I'm in the midst of RD Exit Week and a two-week seminary summer class. RD Exit Week is a week of debriefing the year, sharing what we've learned, talking strategically about how to apply what we've learned for next year, finishing up administrative tasks, and (a first for this year) sitting in on a biblical counseling class called Biblical Conflict Resolution. All of it has been very relational, profitable, and spiritual. The two-week-long night class is called The Pastor's Home, which has been challenging and needed, as well.
If I had the time and the energy and the ability, I could literally journal a hundred single-spaced pages with everything that's going on in my mind right now (I'm not talking about blogging, so don't worry; I'm talking about journaling). Whether that's healthy or not depends on how I handle it. I don't want to get journaling diarrhea, but I'm also not interested in being spiritually constipated. Sorry for the analogy, but it makes the point really well.
For now I'll have to stick with one humongous thought that I just had today. I want to develop it a lot, but talking about it here will help.
I was thinking about how when we have Judah, I really hope he gets excited when I come home from seminary or from RD ministry or from a trip. I remember a friend whose two-year-old son would flip out when he heard the garage door opening because he knew that daddy was home. I remember how my brothers and I would burst out the front door and race up to the top of our driveway when we saw Dad's red Ford Escort turn in the driveway and pause. He'd wait for us to get to the car, and he always let one of us sit on his lap and steer down our hundred-yard driveway. We loved it. We loved him. Just tonight, Cindi was telling me that my fifteen-month-old nephew Jackson was basically hyperventilating today when he saw his dad (Cindi's brother) in the airport after two weeks of being apart. That's love—unfeigned, unashamed, unbridled. It's more than love; it's pure delight.
I hope Judah loves me like that. I want him to be uncontainably excited when he sees me. I want him to not be able to control himself when he hasn't seen me for a week and I come around the corner at the airport. As all these thoughts ran through my mind today, I started thinking of all the other things I wanted Judah to do in relation to me.
I want him to enjoy spending time with me. I want him to get excited when he gets to go to the zoo with me. I want him to listen to my counsel and my correction and my encouragement and my guidance. I want him to trust me when I tell him that it's safe for him to jump in the pool because I'll hold him up. I want him to learn to stick out his hand and greet people when I introduce him instead of clinging to my leg and hiding from them. I want him to come to me when there are "monsters" in his room instead of pulling the covers over his head and being petrified. When I discipline him, I want him to know that it's because I love him. When I praise him, I want him to believe that it's not just rhetoric. When I listen to him, I want him to know that he matters to me.
And what I realized is that this is how my Father thinks.

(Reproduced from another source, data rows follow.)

(* |x - y|_p = p^{-ord(x-y)}, ord(x-y) = sup {n | x = y mod p^n};
   written as inf {p^{-n} | x = y mod p^n} (equals 0 iff x = y). *)
Definition padic_absdiff (R : realType) (p : nat) (x y : Zpadic p) : R :=
  inf [set (p%:R ^- n : R) | n in [set n | congr_upto x y n]].

Definition padic_abs (R : realType) (p : nat) (x : Zpadic p) : R :=
  padic_absdiff R x (Zp0 p).

(* G_l = Z_p / p^l Z_p, elements I = I_0 + I_1 p + ... + I_{l-1} p^{l-1} *)
Definition G (p l : nat) := {ffun 'I_l -> digit p}.

Definition emb (p l : nat) (I : G p l) : Zpadic p :=
  fun j => match @insub nat (fun j => (j < l)%N) 'I_l j with
           | Some k => I k | None => ord0 end.

(* the ball I + p^l Z_p ; Omega(p^l |x - I|_p) is its indicator *)
Definition ballG (p l : nat) (I : G p l) : set (Zpadic p) :=
  [set x | forall j : 'I_l, x j = I j].

Definition G0 (p l : nat) : G p l := [ffun => ord0].

Definition Zp_balls (p : nat) : set (set (Zpadic p)) :=
  [set B | exists l (I : G p l), B = ballG I].

(* Z_p with the Borel sigma-algebra (generated by the Zp_balls) *)
Definition ZpM (p : nat) := g_sigma_algebraType (@Zp_balls p).

Definition is_haar (R : realType) (p : nat)
  (mu : {measure set (ZpM p) -> \bar R}) : Prop :=
  forall l (I : G p l), mu (ballG I) = ((p%:R ^- l : R)%:E).

Definition Jconv (R : realType) (p : nat) (mu : {measure set (ZpM p) -> \bar R})
  (J : R -> R) (phi : Zpadic p -> R[i]) (x : Zpadic p) : R[i] :=
  Complex (Rintegral mu setT (fun y : ZpM p => J (padic_absdiff R x y) * complex.Re (phi y)))
          (Rintegral mu setT (fun y : ZpM p => J (padic_absdiff R x y) * complex.Im (phi y))).

Definition Jop (R : realType) (p : nat) (mu : {measure set (ZpM p) -> \bar R})
  (J : R -> R) (phi : Zpadic p -> R[i]) : Zpadic p -> R[i] :=
  fun x => Jconv mu J phi x - phi x.

Definition inD (R : realType) (p l : nat) (phi : Zpadic p -> R[i]) : Prop :=
  exists c : G p l -> R[i],
    forall x, phi x = \sum_(I : G p l) c I * (\1_(ballG I) x : R)%:C.

Definition Jmat (R : realType) (p : nat) (mu : {measure set (ZpM p) -> \bar R})
  (J : R -> R) (l : nat) (I K : G p l) : R :=
  if I == K then Rintegral mu (ballG (G0 p l) : set (ZpM p))
                   (fun y => J (padic_abs R y)) - 1
  else p%:R ^- l * J (padic_absdiff R (emb I) (emb K)).

From Pilot Require Import Defs.
From HB Require Import structures.
From mathcomp Require Import all_boot all_order all_algebra.
From mathcomp Require Import all_classical all_reals all_analysis.
From mathcomp Require Import complex measurable_realfun.
Import Order.TTheory GRing.Theory Num.Theory numFieldNormedType.Exports.
Set Implicit Arguments. Unset Strict Implicit. Unset Printing Implicit Defensive.
Local Open Scope classical_set_scope.
Local Open Scope ring_scope.

(* For x in the ball I + p^l Z_p and K <> I, every y in K + p^l Z_p satisfies
   |x - y|_p = |I - K|_p, so J(|x - y|_p) is constant on that ball, whose Haar
   measure is p^-l.  The ball of x itself is {x} together with the spheres
   |x - y|_p = p^-n, n >= l, of measure p^-n - p^-(n+1), on each of which
   J(|x - y|_p) is constant; the resulting series does not depend on x, so the
   integral over the ball of x equals the integral over p^l Z_p for x = 0.
   For l = 0 the same computation shows that J(|x - .|_p) has integral 1, hence
   is integrable, which makes the convolution linear on the span of the
   indicators of the balls. *)

Lemma exists_exprVn_le (R : archiNumFieldType) (q : nat) (e : R) :
  (1 < q)%N -> 0 < e -> exists n, q%:R ^- n <= e.
Proof.
move=> q_gt1 e_gt0; set n := Num.bound e^-1; exists n.
have q_pos : 0 < q%:R ^+ n :> R by rewrite exprn_gt0 // ltr0n ltnW.
rewrite invf_ple ?posrE // -natrX.
have /ltW/le_trans -> // : e^-1 < n%:R by apply: archi_boundP; rewrite invr_ge0 ltW.
by rewrite ler_nat ltnW // ltn_expl.
Qed.

Lemma sum_delta_mul (V : pzRingType) (I : finType) (i : I) (c : I -> V) :
  \sum_j (i == j)%:R * c j = c i.
Proof.
rewrite (bigD1 i) //= eqxx mul1r big1 ?addr0 // => j ji.
by rewrite eq_sym (negPf ji) mul0r.
Qed.

Section RintegralSum.
Context d (T : measurableType d) (R : realType) (mu : {measure set T -> \bar R}).

Lemma Rintegral_sum (I : Type) (s : seq I) (F : I -> T -> R) (D : set T) :
  measurable D -> (forall i, mu.-integrable D (EFin \o F i)) ->
  \int[mu]_(x in D) \sum_(i <- s) F i x = \sum_(i <- s) \int[mu]_(x in D) F i x.
Proof.
move=> mD intF; rewrite /Rintegral.
under eq_integral => x _ do rewrite -sumEFin.
rewrite integral_sum // (eq_bigr (fun i => (fine (\int[mu]_(x in D) (F i x)%:E))%:E)).
  by rewrite sumEFin.
by move=> i _; rewrite fineK //; have := integrable_fin_num mD (intF i).
Qed.

Lemma Rintegral_mul_sum_indic (I : finType) (A : I -> set T) (r : I -> R) (f : T -> R) :
  (forall i, measurable (A i)) -> mu.-integrable setT (EFin \o f) ->
  \int[mu]_x (f x * \sum_i r i * \1_(A i) x) = \sum_i r i * \int[mu]_(x in A i) f x.
Proof.
move=> mA intf.
have fA i : (fun x => f x * (r i * \1_(A i) x)) = (fun x => r i * (f \_ (A i)) x).
  by apply/funext => x; rewrite patchE indicE; case: ifP; rewrite ?mulr1 ?mulr0 // mulrC.
have intfA i : mu.-integrable setT (EFin \o f \_ (A i)).
  by rewrite -restrict_EFin -integrable_mkcond //; exact: integrableS intf.
under eq_Rintegral do rewrite mulr_sumr.
rewrite Rintegral_sum // => [|i]; last first.
  by rewrite fA; apply: (integrableZl measurableT (r i)) (intfA i).
by apply: eq_bigr => i _; rewrite fA (RintegralZl _ measurableT (intfA i)) -Rintegral_mkcond.
Qed.

End RintegralSum.

Section ComplexSums.
Variable R : realType.
Local Open Scope complex_scope.
Implicit Types (c : R[i]) (t : R).

Lemma Re_mul_real c t : complex.Re (c * t%:C) = complex.Re c * t.
Proof. by case: c => a b /=; rewrite mulr0 subr0. Qed.

Lemma Im_mul_real c t : complex.Im (c * t%:C) = complex.Im c * t.
Proof. by case: c => a b /=; rewrite mulr0 add0r. Qed.

Lemma complex_sum_real_mul (I : finType) (a : I -> R) (c : I -> R[i]) :
  Complex (\sum_i complex.Re (c i) * a i) (\sum_i complex.Im (c i) * a i) =
  \sum_i (a i)%:C * c i.
Proof.
apply/eqP; rewrite eq_complex /= !raddf_sum; apply/andP; split; apply/eqP.
  by apply: eq_bigr => i _; rewrite -Re_mul_real mulrC.
by apply: eq_bigr => i _; rewrite -Im_mul_real mulrC.
Qed.

End ComplexSums.

Section PadicBalls.
Variable p : nat.
Implicit Types (x y : Zpadic p) (m n : nat).

Definition pball x m : set (ZpM p) := [set y | congr_upto x y m].

Definition trunc x m : G p m := [ffun j : 'I_m => x j].

Lemma pballE x m : pball x m = ballG (trunc x m).
Proof.
apply/seteqP; split => y /= xy j; first by rewrite ffunE xy.
by move=> jm; have := xy (Ordinal jm); rewrite ffunE.
Qed.

Lemma measurable_ballG l (I : G p l) : measurable (ballG I : set (ZpM p)).
Proof. by apply: sub_sigma_algebra; exists l, I. Qed.

Lemma measurable_pball x m : measurable (pball x m).
Proof. by rewrite pballE; exact: measurable_ballG. Qed.

Lemma pball0 x : pball x 0 = setT.
Proof. by apply/seteqP; split => y // _ j. Qed.

Lemma congr_upto_le x y m n : (m <= n)%N -> congr_upto x y n -> congr_upto x y m.
Proof. by move=> mn xy j jm; apply: xy; exact: leq_trans jm mn. Qed.

Lemma congr_uptoC x y n : congr_upto x y n -> congr_upto y x n.
Proof. by move=> xy j jn; rewrite xy. Qed.

Lemma congr_upto_all x y : (forall n, congr_upto x y n) -> x = y.
Proof. by move=> xy; apply/funext => j; exact: xy j.+1 j (ltnSn j). Qed.

Definition sphere x n : set (ZpM p) := pball x n `\` pball x n.+1.

Lemma sphere_congr_upto x y n : sphere x n y ->
  forall k, congr_upto x y k <-> (k <= n)%N.
Proof.
move=> [xyn xyn1] k; split => [xyk|kn]; last exact: congr_upto_le kn xyn.
by rewrite leqNgt; apply/negP => nk; apply: xyn1; exact: congr_upto_le nk xyk.
Qed.

Lemma eq_or_sphere x y : y = x \/ exists n, sphere x n y.
Proof.
have [/congr_upto_all ->|] := pselect (forall n, congr_upto x y n); first by left.
move=> /existsNP[k /asboolPn xyk]; right.
have ex : exists k, ~~ `[< congr_upto x y k >] by exists k.
case: (ex_minnP ex) => -[|n] /asboolPn xyn minn.
  by exfalso; apply: xyn => j.
exists n; split => //; apply: contrapT => /asboolPn/minn.
by rewrite ltnn.
Qed.

Lemma sphere_inj x y m n : sphere x m y -> sphere x n y -> m = n.
Proof.
move=> xym xyn; apply/eqP; rewrite eqn_leq.
apply/andP; split; first by apply/(sphere_congr_upto xyn); case: xym.
by apply/(sphere_congr_upto xym); case: xyn.
Qed.

Lemma sphere_center x n : ~ sphere x n x.
Proof. by case=> _; apply. Qed.

End PadicBalls.

Section BallsOfLevel.
Variables (p l : nat).
Implicit Types (I K : G p l) (x y : Zpadic p).

Lemma ballG_emb I : ballG I (emb I).
Proof. by move=> j; rewrite /emb valK. Qed.

Lemma ballG_trunc x : ballG (trunc x l) x.
Proof. by move=> j; rewrite ffunE. Qed.

Lemma ballG_G0 : ballG (G0 p l) (Defs.Zp0 p).
Proof. by move=> j; rewrite ffunE. Qed.

Lemma ballG_inj x I K : ballG I x -> ballG K x -> I = K.
Proof. by move=> xI xK; apply/ffunP => j; rewrite -xI -xK. Qed.

Lemma ballG_pball x I : ballG I x -> ballG I = pball x l.
Proof. by move=> xI; rewrite pballE (ballG_inj (ballG_trunc x) xI). Qed.

Lemma congr_upto_ballG I K x y n : I != K -> ballG I x -> ballG K y ->
  congr_upto x y n <-> (forall j : 'I_l, (j < n)%N -> I j = K j).
Proof.
move=> IK xI yK; split=> [xy j jn|IKn j jn]; first by rewrite -xI -yK xy.
have jl : (j < l)%N.
  rewrite ltnNge; apply/negP => lj; move/eqP: IK; apply; apply/ffunP => i.
  by apply: IKn; exact: leq_trans (ltn_ord i) (leq_trans lj (ltnW jn)).
by have := IKn (Ordinal jl) jn; rewrite -xI -yK.
Qed.

End BallsOfLevel.

Section PadicAbsdiff.
Variables (R : realType) (p : nat).
Implicit Types x y : Zpadic p.

Lemma eq_padic_absdiff x y x' y' :
  (forall n, congr_upto x y n <-> congr_upto x' y' n) ->
  padic_absdiff R x y = padic_absdiff R x' y'.
Proof.
move=> xy; rewrite /padic_absdiff; congr inf.
by apply/seteqP; split => _ [n /xy xyn <-]; exists n.
Qed.

Lemma padic_absdiffC x y : padic_absdiff R x y = padic_absdiff R y x.
Proof. by apply: eq_padic_absdiff => n; split; exact: congr_uptoC. Qed.

Lemma padic_absdiff_ge0_le1 x y : 0 <= padic_absdiff R x y <= 1.
Proof.
rewrite /padic_absdiff; set S := (X in inf X).
have S_ge0 : lbound S 0 by move=> _ [k _ <-]; rewrite invr_ge0 exprn_ge0.
have S1 : S 1 by exists 0%N; rewrite // expr0 invr1.
apply/andP; split; first by apply: lb_le_inf S_ge0; exists 1.
by apply: (ge_inf _ S1); exists 0.
Qed.

(* The value of [|x - y|_p] on [sphere x n]; it equals [p ^- n] for [p > 1],
   but only its independence of [x] matters. *)
Definition sphere_abs n : R := inf [set p%:R ^- k | k in [set k | (k <= n)%N]].

Lemma padic_absdiff_sphere x y n : sphere x n y -> padic_absdiff R x y = sphere_abs n.
Proof.
move=> xy; rewrite /padic_absdiff /sphere_abs; congr inf.
by apply/seteqP; split => _ [k /(sphere_congr_upto xy) kn <-]; exists k.
Qed.

Lemma padic_absdiffxx x x' : padic_absdiff R x x = padic_absdiff R x' x'.
Proof. by apply: eq_padic_absdiff. Qed.

Lemma padic_absdiff_ballG l (I K : G p l) (x y : Zpadic p) :
  I != K -> ballG I x -> ballG K y ->
  padic_absdiff R x y = padic_absdiff R (emb I) (emb K).
Proof.
move=> IK xI yK; apply: eq_padic_absdiff => n.
by rewrite (congr_upto_ballG n IK xI yK) (congr_upto_ballG n IK (ballG_emb I) (ballG_emb K)).
Qed.

End PadicAbsdiff.

Section HaarKernel.
Variables (R : realType) (p : nat) (mu : {measure set (ZpM p) -> \bar R}).
Hypotheses (hp : prime p) (Hmu : is_haar mu).
Variable J : R -> R.
Hypothesis J_ge0 : forall r : R, 0 <= r <= 1 -> 0 <= J r.
Implicit Types (x y : Zpadic p) (m k : nat).
Local Open Scope ereal_scope.

Definition Jker x : ZpM p -> \bar R := fun y => (J (padic_absdiff R x y))%:E.

Lemma Jker_ge0 x y : 0 <= Jker x y.
Proof. by rewrite lee_fin; apply: J_ge0; exact: padic_absdiff_ge0_le1. Qed.

Definition pball_piece x m k : set (ZpM p) :=
  if k is k.+1 then sphere x (m + k) else [set x].

Definition piece_value m k : \bar R :=
  (J (if k is k.+1 then sphere_abs R p (m + k) else padic_abs R (Defs.Zp0 p)))%:E.

Definition piece_measure m k : \bar R :=
  if k is k.+1 then (p%:R ^- (m + k) - p%:R ^- (m + k).+1)%:E else 0.

Lemma Jker_piece x m k y : pball_piece x m k y -> Jker x y = piece_value m k.
Proof.
case: k => [|k] /= xy; rewrite /Jker; last by rewrite (padic_absdiff_sphere R xy).
by rewrite xy (padic_absdiffxx R x (Defs.Zp0 p)).
Qed.

Lemma pball_bigcup x m : pball x m = \bigcup_k pball_piece x m k.
Proof.
apply/seteqP; split => y.
  move=> xy; have [->|[n xyn]] := eq_or_sphere x y; first by exists 0%N.
  have mn : (m <= n)%N by apply/(sphere_congr_upto xyn).
  by exists (n - m).+1 => //=; rewrite subnKC.
move=> [[|k] _ /= xy]; first by rewrite xy => j.
by case: xy => xy _; exact: congr_upto_le (leq_addr k m) xy.
Qed.

Lemma trivIset_pball_piece x m : trivIset setT (pball_piece x m).
Proof.
move=> [|i] [|j] _ _ [y [/= xyi xyj]] //.
- by rewrite xyi in xyj; case: (sphere_center xyj).
- by rewrite xyj in xyi; case: (sphere_center xyi).
- by rewrite (addnI (sphere_inj xyi xyj)).
Qed.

I say this not because I can just take my own imaginative thoughts and juxtapose them onto the mind of God and say, "God must think this way, too," but because so many of the ways I want Judah to relate to me are ways that God my Father has said he wants me to relate to Him.
He wants me to enjoy spending time with Him, because it's not "spending time in the Word and in prayer," but a lively conversation in which I pour out my heart (prayer) and I hear His heartbeat and His instruction (the Bible). He wants me to get excited when I get to walk around in His creation and see the things He's made for His glory and my enjoyment. He wants me to listen to His counsel and His correction and His encouragement and His guidance. He wants me to trust Him when He tells me to jump into a scary situation or embrace a painful trial, because He wants me to believe that He'll hold me up even if I think I'm going to drown. He wants me to stick my neck out and interact intimately with His people instead of hiding behind "I'm scared" and "I've been hurt before" and "I'm too busy" and "I don't know how."
He wants me to run to Him when there are "monsters" in my life instead of trying to prove that I can handle them on my own and ending up as an anxious, over-burdened, irritable, scared wreck. When He disciplines me, He wants me to know that it's because He loves me. When He affirms me, He wants me to believe that He really means it. When He listens to me, He wants me to know that I really do matter to Him.
God, my Father, wants me to respect Him and follow Him and obey Him and love Him and enjoy Him and fear Him and respond to Him and love what He loves and hate what He hates. He wants me to look like Him when I grow up. He wants me to root for who He roots for and stand against what He stands against. He wants me to never be ashamed of Him or embarrassed that He's my Father.
Because I love Judah so much, I want so much for him and from him. I want our relationship to be sweet and deep and meaningful and biblical. But through this I realize that God wants all of this and more from me. He longs for it. He calls me to it. He invites me into it. This is genuinely and consistently awesome. This makes me so excited to be God's son.
It is good to think of being Judah's father. And it's really good to think of God being my Father. I hope I grow to love Him, just like I want Judah to love me. And I hope I look like Him when I grow up. Because as I hope to explain to Judah as the years go by, He really is great.